- EXERCISE INSTRUCTIONS -
This exercise calls for an exact copy of the data below.

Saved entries

·····

(* Fewer than kappa nonempty open sets V_j can be refined to nonempty clopen
   sets a_j, b_j inside V_j with every a_i disjoint from every b_j: choose
   p_j in V_j, take a_j inside V_j avoiding all p_i, then b_j around p_j
   avoiding all a_i. *)
Lemma disjoint_clopen_refinement (J : Type) (V : J -> X -> Prop) :
  G_kappa_space op K -> zero_dimensional op -> hausdorff op -> no_isolated_points op ->
  lt_card J K -> (forall j, op (V j)) -> (forall j, exists y, V j y) ->
  exists a b : J -> X -> Prop,
    (forall j, clopen op (a j) /\ (exists y, a j y) /\ forall y, a j y -> V j y) /\
    (forall j, clopen op (b j) /\ (exists y, b j y) /\ forall y, b j y -> V j y) /\
    (forall i j y, a i y -> ~ b j y).
Proof.
  intros HG Hzd Hhaus Hni HJ HV Hne.
  destruct (choice _ Hne) as [p Hp].
  assert (Ha : forall j, exists a, clopen op a /\ (exists y, a y) /\
                 forall y, a y -> forall i, V j y /\ y <> p i).
  { intro j.
    destruct (avoid_few_points J p (V j) (p j) HG Hhaus Hni HJ (HV j) (Hp j)) as [q [Vq Hq]].
    apply Gkappa_clopen; [exact HG|exact Hzd|exact HJ| |exists q; auto].
    intro i. apply op_and; [apply HV|apply op_neq; exact Hhaus]. }
  destruct (choice _ Ha) as [a Haf].
  assert (Hb : forall j, exists b, clopen op b /\ (exists y, b y) /\
                 forall y, b y -> forall i, V j y /\ ~ a i y).
  { intro j. apply Gkappa_clopen; [exact HG|exact Hzd|exact HJ| |].
    - intro i. apply op_and; [apply HV|exact (proj2 (proj1 (Haf i)))].
    - exists (p j). intro i. split; [apply Hp|]. intro api.
      exact (proj2 (proj2 (proj2 (Haf i)) (p j) api j) eq_refl). }
  destruct (choice _ Hb) as [b Hbf].
  exists a, b. split; [|split].
  - intro j. destruct (Haf j) as [HC [Hn Hs]].
    split; [exact HC|split; [exact Hn|intros y ay; exact (proj1 (Hs y ay j))]].
  - intro j. destruct (Hbf j) as [HC [Hn Hs]].
    split; [exact HC|split; [exact Hn|intros y yb; exact (proj1 (Hs y yb j))]].
  - intros i j y ay yb. exact (proj2 (proj2 (proj2 (Hbf j)) y yb i) ay).
Qed.

(* In an F_kappa-space, if A and B are disjoint unions of fewer than kappa
   clopen sets, no point lies in the closure of both: the indicator of A is
   continuous on the open set A + B of type < kappa, and a continuous extension
   of it would take the values 0 and 1 near that point. *)
Lemma Fkappa_separation (J : Type) (a b : J -> X -> Prop) (x : X) :
  (forall W, op W -> type_lt op W K -> C_star_embedded op W) ->
  lt_card J K -> (forall j, clopen op (a j)) -> (forall j, clopen op (b j)) ->
  (forall i j y, a i y -> ~ b j y) ->
  ~ (forall N, op N -> N x ->
       (exists y, N y /\ exists j, a j y) /\ (exists y, N y /\ exists j, b j y)).
Proof.
  intros HF HJ Ha Hb Hab Hclose.
  set (A := fun y => exists j, a j y).
  set (B := fun y => exists j, b j y).
  assert (HAo : op A) by (apply op_Union; intro j; exact (proj1 (Ha j))).
  assert (HBo : op B) by (apply op_Union; intro j; exact (proj1 (Hb j))).
  assert (HBA : forall y, B y -> ~ A y) by (intros y [j yb] [i ay]; exact (Hab i j y ay yb)).
  assert (HDt : type_lt op (fun y => A y \/ B y) K).
  { exists J. split; [exact HJ|]. exists (fun j y => a j y \/ b j y). split.
    - intro j. apply clopen_or; auto.
    - intro y; unfold A, B; split.
      + intros [[j H]|[j H]]; exists j; auto.
      + intros [j [H|H]]; [left|right]; exists j; auto. }
  set (f := fun y => if excluded_middle_informative (A y) then 1 else 0).
  assert (fA : forall y, A y -> f y = 1).
  { intros y Ay. unfold f. destruct (excluded_middle_informative (A y)); tauto. }
  assert (fB : forall y, B y -> f y = 0).
  { intros y By. unfold f. destruct (excluded_middle_informative (A y)) as [Ay|]; [|reflexivity].
    exfalso. exact (HBA y By Ay). }
  destruct (HF _ (op_or _ _ HAo HBo) HDt f) as [g [Hg Hgf]].
  - exists 1. intros y [Ay|By]; [rewrite fA|rewrite fB]; auto;
      [rewrite Rabs_R1|rewrite Rabs_R0]; lra.
  - intros z Dz eps Heps. destruct (classic (A z)) as [Az|nAz].
    + exists A. split; [exact HAo|split; [exact Az|]]. intros y Ay _.
      rewrite (fA y Ay), (fA z Az), Rminus_diag, Rabs_R0. exact Heps.
    + assert (Bz : B z) by (destruct Dz; [contradiction|assumption]).
      exists B. split; [exact HBo|split; [exact Bz|]]. intros y By _.
      rewrite (fB y By), (fB z Bz), Rminus_diag, Rabs_R0. exact Heps.
  - destruct (Hg x Logic.I (1/2)) as [N [HN [Nx HNg]]]; [lra|].
    destruct (Hclose N HN Nx) as [[y1 [Ny1 Ay1]] [y2 [Ny2 By2]]].
    pose proof (HNg y1 Ny1 Logic.I) as E1. pose proof (HNg y2 Ny2 Logic.I) as E2.
    rewrite Hgf, fA in E1 by (try left; exact Ay1).
    rewrite Hgf, fB in E2 by (try right; exact By2).
    apply Rabs_def2 in E1. apply Rabs_def2 in E2. lra.
Qed.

·····

- EXERCISE OUTPUT -
(* Fewer than kappa nonempty open sets V_j can be refined to nonempty clopen
   sets a_j, b_j inside V_j with every a_i disjoint from every b_j: choose
   p_j in V_j, take a_j inside V_j avoiding all p_i, then b_j around p_j
   avoiding all a_i. *)
Lemma disjoint_clopen_refinement (J : Type) (V : J -> X -> Prop) :
  G_kappa_space op K -> zero_dimensional op -> hausdorff op -> no_isolated_points op ->
  lt_card J K -> (forall j, op (V j)) -> (forall j, exists y, V j y) ->
  exists a b : J -> X -> Prop,
    (forall j, clopen op (a j) /\ (exists y, a j y) /\ forall y, a j y -> V j y) /\
    (forall j, clopen op (b j) /\ (exists y, b j y) /\ forall y, b j y -> V j y) /\
    (forall i j y, a i y -> ~ b j y).
Proof.
  intros HG Hzd Hhaus Hni HJ HV Hne.
  destruct (choice _ Hne) as [p Hp].
  assert (Ha : forall j, exists a, clopen op a /\ (exists y, a y) /\
                 forall y, a y -> forall i, V j y /\ y <> p i).
  { intro j.
    destruct (avoid_few_points J p (V j) (p j) HG Hhaus Hni HJ (HV j) (Hp j)) as [q [Vq Hq]].
    apply Gkappa_clopen; [exact HG|exact Hzd|exact HJ| |exists q; auto].
    intro i. apply op_and; [apply HV|apply op_neq; exact Hhaus]. }
  destruct (choice _ Ha) as [a Haf].
  assert (Hb : forall j, exists b, clopen op b /\ (exists y, b y) /\
                 forall y, b y -> forall i, V j y /\ ~ a i y).
  { intro j. apply Gkappa_clopen; [exact HG|exact Hzd|exact HJ| |].
    - intro i. apply op_and; [apply HV|exact (proj2 (proj1 (Haf i)))].
    - exists (p j). intro i. split; [apply Hp|]. intro api.
      exact (proj2 (proj2 (proj2 (Haf i)) (p j) api j) eq_refl). }
  destruct (choice _ Hb) as [b Hbf].
  exists a, b. split; [|split].
  - intro j. destruct (Haf j) as [HC [Hn Hs]].
    split; [exact HC|split; [exact Hn|intros y ay; exact (proj1 (Hs y ay j))]].
  - intro j. destruct (Hbf j) as [HC [Hn Hs]].
    split; [exact HC|split; [exact Hn|intros y yb; exact (proj1 (Hs y yb j))]].
  - intros i j y ay yb. exact (proj2 (proj2 (proj2 (Hbf j)) y yb i) ay).
Qed.

(* In an F_kappa-space, if A and B are disjoint unions of fewer than kappa
   clopen sets, no point lies in the closure of both: the indicator of A is
   continuous on the open set A + B of type < kappa, and a continuous extension
   of it would take the values 0 and 1 near that point. *)
Lemma Fkappa_separation (J : Type) (a b : J -> X -> Prop) (x : X) :
  (forall W, op W -> type_lt op W K -> C_star_embedded op W) ->
  lt_card J K -> (forall j, clopen op (a j)) -> (forall j, clopen op (b j)) ->
  (forall i j y, a i y -> ~ b j y) ->
  ~ (forall N, op N -> N x ->
       (exists y, N y /\ exists j, a j y) /\ (exists y, N y /\ exists j, b j y)).
Proof.
  intros HF HJ Ha Hb Hab Hclose.
  set (A := fun y => exists j, a j y).
  set (B := fun y => exists j, b j y).
  assert (HAo : op A) by (apply op_Union; intro j; exact (proj1 (Ha j))).
  assert (HBo : op B) by (apply op_Union; intro j; exact (proj1 (Hb j))).
  assert (HBA : forall y, B y -> ~ A y) by (intros y [j yb] [i ay]; exact (Hab i j y ay yb)).
  assert (HDt : type_lt op (fun y => A y \/ B y) K).
  { exists J. split; [exact HJ|]. exists (fun j y => a j y \/ b j y). split.
    - intro j. apply clopen_or; auto.
    - intro y; unfold A, B; split.
      + intros [[j H]|[j H]]; exists j; auto.
      + intros [j [H|H]]; [left|right]; exists j; auto. }
  set (f := fun y => if excluded_middle_informative (A y) then 1 else 0).
  assert (fA : forall y, A y -> f y = 1).
  { intros y Ay. unfold f. destruct (excluded_middle_informative (A y)); tauto. }
  assert (fB : forall y, B y -> f y = 0).
  { intros y By. unfold f. destruct (excluded_middle_informative (A y)) as [Ay|]; [|reflexivity].
    exfalso. exact (HBA y By Ay). }
  destruct (HF _ (op_or _ _ HAo HBo) HDt f) as [g [Hg Hgf]].
  - exists 1. intros y [Ay|By]; [rewrite fA|rewrite fB]; auto;
      [rewrite Rabs_R1|rewrite Rabs_R0]; lra.
  - intros z Dz eps Heps. destruct (classic (A z)) as [Az|nAz].
    + exists A. split; [exact HAo|split; [exact Az|]]. intros y Ay _.
      rewrite (fA y Ay), (fA z Az), Rminus_diag, Rabs_R0. exact Heps.
    + assert (Bz : B z) by (destruct Dz; [contradiction|assumption]).
      exists B. split; [exact HBo|split; [exact Bz|]]. intros y By _.
      rewrite (fB y By), (fB z Bz), Rminus_diag, Rabs_R0. exact Heps.
  - destruct (Hg x Logic.I (1/2)) as [N [HN [Nx HNg]]]; [lra|].
    destruct (Hclose N HN Nx) as [[y1 [Ny1 Ay1]] [y2 [Ny2 By2]]].
    pose proof (HNg y1 Ny1 Logic.I) as E1. pose proof (HNg y2 Ny2 Logic.I) as E2.
    rewrite Hgf, fA in E1 by (try left; exact Ay1).
    rewrite Hgf, fB in E2 by (try right; exact By2).
    apply Rabs_def2 in E1. apply Rabs_def2 in E2. lra.
Qed.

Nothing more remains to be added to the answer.